Exercise details :: Every line in the records below between the one holding "Lemma le_fa_prob_support (s" and the one holding "Hypotheses (N_clop : forall", inclusive, is to be set down exactly; all other lines are to be left out.

++++++++++

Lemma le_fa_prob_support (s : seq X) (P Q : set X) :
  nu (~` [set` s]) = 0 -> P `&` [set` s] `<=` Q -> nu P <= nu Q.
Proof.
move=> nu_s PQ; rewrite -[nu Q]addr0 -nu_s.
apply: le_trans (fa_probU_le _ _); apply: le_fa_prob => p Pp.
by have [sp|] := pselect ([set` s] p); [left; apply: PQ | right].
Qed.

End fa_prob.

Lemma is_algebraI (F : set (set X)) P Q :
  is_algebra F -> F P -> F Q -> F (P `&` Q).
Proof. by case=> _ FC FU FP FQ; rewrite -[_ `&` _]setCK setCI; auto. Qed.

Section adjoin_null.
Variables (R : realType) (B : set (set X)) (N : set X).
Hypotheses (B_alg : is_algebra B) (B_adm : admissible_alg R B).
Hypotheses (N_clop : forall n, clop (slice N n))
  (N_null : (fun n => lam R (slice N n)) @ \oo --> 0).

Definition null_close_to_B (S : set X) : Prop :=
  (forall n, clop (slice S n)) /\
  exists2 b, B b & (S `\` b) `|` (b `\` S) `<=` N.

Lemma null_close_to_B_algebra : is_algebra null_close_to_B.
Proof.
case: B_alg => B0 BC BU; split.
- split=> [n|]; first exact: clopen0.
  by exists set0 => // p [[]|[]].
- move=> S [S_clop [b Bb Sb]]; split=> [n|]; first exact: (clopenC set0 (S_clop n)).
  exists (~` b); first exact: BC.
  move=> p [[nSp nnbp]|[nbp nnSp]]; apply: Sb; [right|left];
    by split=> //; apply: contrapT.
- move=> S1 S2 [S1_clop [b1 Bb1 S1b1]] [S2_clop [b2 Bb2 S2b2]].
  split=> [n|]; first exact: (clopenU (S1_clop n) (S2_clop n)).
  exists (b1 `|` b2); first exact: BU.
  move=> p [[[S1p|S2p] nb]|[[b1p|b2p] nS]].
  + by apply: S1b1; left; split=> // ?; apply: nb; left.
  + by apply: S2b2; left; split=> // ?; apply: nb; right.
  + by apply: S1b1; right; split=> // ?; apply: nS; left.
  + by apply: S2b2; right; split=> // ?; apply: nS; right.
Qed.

++++++++++

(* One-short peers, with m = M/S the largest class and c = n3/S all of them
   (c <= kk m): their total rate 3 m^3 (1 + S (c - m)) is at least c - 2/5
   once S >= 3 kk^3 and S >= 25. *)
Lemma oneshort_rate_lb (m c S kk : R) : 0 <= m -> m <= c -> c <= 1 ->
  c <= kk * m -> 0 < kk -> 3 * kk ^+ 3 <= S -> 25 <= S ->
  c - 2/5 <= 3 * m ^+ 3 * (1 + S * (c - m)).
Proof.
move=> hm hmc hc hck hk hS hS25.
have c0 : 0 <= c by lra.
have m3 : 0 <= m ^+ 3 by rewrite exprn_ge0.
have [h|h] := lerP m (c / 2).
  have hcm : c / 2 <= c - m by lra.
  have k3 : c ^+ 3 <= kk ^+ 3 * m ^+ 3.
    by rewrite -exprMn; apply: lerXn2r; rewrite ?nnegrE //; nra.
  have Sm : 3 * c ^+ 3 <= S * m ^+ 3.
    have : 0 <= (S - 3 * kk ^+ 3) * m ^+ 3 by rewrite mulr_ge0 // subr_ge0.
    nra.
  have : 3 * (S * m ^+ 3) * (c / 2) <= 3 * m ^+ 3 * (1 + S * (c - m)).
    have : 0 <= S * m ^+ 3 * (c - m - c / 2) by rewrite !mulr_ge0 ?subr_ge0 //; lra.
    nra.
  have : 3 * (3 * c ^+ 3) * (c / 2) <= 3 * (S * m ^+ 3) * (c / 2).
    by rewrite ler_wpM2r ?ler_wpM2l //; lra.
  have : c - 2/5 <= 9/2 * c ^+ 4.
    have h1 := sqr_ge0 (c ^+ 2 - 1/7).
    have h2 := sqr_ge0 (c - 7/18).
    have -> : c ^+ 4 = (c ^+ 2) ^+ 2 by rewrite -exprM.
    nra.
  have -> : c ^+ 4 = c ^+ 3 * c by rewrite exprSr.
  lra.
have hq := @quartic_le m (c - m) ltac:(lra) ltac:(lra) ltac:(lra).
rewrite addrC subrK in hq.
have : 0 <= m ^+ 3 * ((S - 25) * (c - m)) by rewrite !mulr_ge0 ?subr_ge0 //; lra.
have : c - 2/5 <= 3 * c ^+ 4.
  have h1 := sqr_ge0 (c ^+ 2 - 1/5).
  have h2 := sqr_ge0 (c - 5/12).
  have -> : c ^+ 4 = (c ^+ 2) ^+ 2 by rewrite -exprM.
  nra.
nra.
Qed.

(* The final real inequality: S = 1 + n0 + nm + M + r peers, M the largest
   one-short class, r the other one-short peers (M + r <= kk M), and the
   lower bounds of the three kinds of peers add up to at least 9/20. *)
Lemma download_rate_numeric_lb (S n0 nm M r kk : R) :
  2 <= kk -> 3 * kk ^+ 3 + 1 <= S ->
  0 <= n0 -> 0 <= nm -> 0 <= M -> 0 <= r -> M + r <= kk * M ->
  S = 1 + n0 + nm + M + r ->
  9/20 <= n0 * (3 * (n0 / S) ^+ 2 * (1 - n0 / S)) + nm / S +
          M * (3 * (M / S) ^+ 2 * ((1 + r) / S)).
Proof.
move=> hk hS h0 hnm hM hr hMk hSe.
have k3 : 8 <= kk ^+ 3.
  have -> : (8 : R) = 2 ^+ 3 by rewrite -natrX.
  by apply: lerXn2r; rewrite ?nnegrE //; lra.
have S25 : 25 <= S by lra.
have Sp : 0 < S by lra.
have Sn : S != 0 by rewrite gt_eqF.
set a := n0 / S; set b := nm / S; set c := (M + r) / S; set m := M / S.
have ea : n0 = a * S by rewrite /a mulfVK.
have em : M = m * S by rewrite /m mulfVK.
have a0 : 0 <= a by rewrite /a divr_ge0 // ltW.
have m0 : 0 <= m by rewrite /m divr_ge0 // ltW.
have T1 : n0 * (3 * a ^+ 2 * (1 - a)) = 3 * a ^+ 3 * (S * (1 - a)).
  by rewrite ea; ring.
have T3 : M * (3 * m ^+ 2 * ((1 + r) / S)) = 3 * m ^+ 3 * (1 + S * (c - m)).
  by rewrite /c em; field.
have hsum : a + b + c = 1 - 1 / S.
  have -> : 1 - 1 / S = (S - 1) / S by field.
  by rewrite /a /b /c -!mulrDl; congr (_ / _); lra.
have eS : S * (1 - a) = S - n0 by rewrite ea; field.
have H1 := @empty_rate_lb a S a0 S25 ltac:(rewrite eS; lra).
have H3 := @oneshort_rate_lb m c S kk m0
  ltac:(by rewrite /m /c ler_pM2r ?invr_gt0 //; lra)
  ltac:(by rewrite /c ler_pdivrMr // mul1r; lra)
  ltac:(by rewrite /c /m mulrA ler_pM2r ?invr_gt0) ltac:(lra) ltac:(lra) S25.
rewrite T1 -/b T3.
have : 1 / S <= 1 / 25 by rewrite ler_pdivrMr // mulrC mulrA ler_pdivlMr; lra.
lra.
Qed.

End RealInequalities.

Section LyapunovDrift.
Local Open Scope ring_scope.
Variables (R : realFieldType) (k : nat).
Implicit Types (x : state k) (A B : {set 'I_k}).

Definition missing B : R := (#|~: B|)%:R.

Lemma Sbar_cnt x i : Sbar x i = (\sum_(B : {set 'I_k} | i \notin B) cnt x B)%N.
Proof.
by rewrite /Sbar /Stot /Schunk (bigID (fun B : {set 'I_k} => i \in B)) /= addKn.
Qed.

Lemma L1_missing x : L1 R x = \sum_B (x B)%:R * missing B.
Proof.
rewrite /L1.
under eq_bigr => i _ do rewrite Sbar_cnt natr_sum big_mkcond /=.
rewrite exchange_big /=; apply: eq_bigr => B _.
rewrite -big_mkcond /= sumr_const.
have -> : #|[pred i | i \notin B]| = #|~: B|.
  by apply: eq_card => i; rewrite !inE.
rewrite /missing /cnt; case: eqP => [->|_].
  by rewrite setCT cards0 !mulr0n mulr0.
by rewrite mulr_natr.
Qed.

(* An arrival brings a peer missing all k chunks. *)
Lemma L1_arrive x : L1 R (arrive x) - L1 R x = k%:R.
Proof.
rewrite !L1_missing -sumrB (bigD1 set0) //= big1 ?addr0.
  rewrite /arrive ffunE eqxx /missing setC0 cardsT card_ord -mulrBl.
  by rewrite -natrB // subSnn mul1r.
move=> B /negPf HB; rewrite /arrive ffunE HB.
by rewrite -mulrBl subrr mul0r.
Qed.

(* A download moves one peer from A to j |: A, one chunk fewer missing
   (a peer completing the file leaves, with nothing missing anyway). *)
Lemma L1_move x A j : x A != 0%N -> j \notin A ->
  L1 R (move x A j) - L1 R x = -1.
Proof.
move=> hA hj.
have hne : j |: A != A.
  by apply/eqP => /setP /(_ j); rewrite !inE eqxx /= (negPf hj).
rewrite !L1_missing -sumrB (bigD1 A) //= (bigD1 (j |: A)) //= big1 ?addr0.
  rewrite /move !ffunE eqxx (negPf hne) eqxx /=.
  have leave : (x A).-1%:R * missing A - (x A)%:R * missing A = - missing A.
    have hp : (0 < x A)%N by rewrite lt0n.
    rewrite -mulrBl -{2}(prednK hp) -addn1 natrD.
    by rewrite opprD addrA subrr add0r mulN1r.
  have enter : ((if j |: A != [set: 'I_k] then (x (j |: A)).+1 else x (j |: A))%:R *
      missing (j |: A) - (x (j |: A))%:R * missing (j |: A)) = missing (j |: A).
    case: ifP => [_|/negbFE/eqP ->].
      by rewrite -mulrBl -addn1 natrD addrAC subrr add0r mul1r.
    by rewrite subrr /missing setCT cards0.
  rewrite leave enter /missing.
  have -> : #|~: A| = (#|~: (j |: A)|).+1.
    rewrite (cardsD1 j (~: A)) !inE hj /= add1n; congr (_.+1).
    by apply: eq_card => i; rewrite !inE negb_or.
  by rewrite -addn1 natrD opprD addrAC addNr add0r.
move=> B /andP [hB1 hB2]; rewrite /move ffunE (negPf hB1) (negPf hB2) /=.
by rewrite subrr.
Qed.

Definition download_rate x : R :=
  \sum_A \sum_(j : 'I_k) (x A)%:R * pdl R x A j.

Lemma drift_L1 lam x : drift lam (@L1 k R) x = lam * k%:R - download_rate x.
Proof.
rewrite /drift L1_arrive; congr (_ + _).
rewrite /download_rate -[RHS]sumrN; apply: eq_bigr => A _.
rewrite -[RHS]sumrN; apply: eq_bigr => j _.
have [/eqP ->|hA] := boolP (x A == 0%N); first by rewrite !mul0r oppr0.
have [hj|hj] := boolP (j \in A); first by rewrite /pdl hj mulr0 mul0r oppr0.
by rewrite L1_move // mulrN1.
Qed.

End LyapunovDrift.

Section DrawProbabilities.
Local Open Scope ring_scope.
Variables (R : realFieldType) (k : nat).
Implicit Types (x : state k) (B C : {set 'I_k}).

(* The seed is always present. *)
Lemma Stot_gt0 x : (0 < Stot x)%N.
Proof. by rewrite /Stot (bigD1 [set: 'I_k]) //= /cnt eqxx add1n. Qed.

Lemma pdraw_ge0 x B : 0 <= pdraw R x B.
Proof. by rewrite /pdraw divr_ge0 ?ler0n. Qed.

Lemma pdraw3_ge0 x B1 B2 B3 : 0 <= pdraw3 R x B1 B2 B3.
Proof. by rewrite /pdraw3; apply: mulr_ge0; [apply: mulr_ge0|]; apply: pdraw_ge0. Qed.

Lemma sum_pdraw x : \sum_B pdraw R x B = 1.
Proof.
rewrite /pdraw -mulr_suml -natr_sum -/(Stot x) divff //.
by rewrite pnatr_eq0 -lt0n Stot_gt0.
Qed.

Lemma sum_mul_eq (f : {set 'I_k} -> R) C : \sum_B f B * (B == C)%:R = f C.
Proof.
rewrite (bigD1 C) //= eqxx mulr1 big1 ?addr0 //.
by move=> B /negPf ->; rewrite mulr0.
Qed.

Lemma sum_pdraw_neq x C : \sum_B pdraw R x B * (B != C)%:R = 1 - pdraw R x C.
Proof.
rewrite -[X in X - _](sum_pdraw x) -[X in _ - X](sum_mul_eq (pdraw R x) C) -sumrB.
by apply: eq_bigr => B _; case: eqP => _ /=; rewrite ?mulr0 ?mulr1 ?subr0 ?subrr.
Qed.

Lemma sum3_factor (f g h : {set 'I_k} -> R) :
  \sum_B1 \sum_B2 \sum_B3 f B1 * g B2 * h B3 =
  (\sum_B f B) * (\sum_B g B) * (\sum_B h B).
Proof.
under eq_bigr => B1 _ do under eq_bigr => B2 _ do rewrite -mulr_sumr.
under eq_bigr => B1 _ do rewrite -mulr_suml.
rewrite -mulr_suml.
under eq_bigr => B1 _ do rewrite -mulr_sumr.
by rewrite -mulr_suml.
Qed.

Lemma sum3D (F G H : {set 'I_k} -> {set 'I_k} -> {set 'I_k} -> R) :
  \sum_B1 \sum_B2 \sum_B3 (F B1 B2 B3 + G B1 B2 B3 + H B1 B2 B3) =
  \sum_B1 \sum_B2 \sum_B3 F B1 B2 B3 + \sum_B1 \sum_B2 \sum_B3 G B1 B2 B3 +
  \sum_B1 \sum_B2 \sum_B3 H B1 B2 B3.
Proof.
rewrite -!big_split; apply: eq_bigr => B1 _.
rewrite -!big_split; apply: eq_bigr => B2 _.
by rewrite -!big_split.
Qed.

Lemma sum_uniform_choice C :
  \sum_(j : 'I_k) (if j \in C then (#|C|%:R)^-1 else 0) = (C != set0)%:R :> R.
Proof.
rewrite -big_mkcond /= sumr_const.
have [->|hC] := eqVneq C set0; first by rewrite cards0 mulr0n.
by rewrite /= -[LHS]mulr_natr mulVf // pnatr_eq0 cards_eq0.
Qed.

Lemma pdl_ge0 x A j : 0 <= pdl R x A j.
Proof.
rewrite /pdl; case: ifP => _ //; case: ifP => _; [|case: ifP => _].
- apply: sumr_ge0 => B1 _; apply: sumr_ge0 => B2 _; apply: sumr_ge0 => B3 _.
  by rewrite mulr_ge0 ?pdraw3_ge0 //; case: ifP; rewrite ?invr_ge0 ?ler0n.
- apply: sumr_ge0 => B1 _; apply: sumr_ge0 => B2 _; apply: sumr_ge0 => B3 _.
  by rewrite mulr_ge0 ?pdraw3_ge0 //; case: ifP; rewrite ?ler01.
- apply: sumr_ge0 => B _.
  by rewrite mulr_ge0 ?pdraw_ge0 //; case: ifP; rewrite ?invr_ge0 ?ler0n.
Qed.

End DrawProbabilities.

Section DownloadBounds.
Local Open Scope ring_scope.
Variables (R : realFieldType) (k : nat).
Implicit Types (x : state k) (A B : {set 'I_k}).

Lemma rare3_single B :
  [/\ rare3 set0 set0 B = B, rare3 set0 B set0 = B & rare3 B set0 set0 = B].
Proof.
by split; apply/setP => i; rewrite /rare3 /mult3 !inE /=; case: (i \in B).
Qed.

++++++++++

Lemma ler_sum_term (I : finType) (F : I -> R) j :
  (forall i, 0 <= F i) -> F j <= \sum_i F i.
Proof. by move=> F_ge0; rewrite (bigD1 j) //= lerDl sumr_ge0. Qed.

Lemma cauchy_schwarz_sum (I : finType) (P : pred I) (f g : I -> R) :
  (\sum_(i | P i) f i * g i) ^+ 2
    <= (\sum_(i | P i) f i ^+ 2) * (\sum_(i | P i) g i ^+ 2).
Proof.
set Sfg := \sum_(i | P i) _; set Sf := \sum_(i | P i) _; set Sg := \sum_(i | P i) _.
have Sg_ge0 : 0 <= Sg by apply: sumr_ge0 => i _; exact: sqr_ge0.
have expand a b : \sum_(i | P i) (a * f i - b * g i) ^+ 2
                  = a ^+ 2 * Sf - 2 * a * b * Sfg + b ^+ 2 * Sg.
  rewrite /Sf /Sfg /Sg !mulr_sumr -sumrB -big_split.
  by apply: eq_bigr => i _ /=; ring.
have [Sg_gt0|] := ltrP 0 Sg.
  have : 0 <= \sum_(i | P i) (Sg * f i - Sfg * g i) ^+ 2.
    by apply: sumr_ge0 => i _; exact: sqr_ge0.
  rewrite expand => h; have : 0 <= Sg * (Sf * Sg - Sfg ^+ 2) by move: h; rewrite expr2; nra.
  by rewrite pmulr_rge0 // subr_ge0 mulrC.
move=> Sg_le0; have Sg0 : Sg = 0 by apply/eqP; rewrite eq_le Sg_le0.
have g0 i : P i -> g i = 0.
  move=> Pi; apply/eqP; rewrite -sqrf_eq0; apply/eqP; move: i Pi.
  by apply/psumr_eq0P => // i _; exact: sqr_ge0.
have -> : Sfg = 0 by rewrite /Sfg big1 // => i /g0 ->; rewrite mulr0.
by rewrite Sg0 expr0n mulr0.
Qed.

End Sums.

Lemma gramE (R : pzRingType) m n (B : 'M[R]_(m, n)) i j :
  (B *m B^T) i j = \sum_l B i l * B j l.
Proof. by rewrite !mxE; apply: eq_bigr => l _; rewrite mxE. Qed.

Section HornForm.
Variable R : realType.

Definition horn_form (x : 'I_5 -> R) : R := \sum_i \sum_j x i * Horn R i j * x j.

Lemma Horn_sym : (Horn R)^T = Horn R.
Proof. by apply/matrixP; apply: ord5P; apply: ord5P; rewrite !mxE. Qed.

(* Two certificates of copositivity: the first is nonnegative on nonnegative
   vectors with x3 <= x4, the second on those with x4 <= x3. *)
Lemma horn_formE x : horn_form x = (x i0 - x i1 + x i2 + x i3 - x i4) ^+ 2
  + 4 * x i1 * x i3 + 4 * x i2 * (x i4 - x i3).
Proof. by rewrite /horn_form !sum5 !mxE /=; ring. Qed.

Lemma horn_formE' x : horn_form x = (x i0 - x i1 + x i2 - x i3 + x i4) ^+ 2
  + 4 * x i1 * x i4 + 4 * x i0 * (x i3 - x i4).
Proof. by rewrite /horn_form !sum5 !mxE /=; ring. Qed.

++++++++++

Exercise response ::
Lemma le_fa_prob_support (s : seq X) (P Q : set X) :
  nu (~` [set` s]) = 0 -> P `&` [set` s] `<=` Q -> nu P <= nu Q.
Proof.
move=> nu_s PQ; rewrite -[nu Q]addr0 -nu_s.
apply: le_trans (fa_probU_le _ _); apply: le_fa_prob => p Pp.
by have [sp|] := pselect ([set` s] p); [left; apply: PQ | right].
Qed.

End fa_prob.

Lemma is_algebraI (F : set (set X)) P Q :
  is_algebra F -> F P -> F Q -> F (P `&` Q).
Proof. by case=> _ FC FU FP FQ; rewrite -[_ `&` _]setCK setCI; auto. Qed.

Section adjoin_null.
Variables (R : realType) (B : set (set X)) (N : set X).
Hypotheses (B_alg : is_algebra B) (B_adm : admissible_alg R B).
Hypotheses (N_clop : forall n, clop (slice N n))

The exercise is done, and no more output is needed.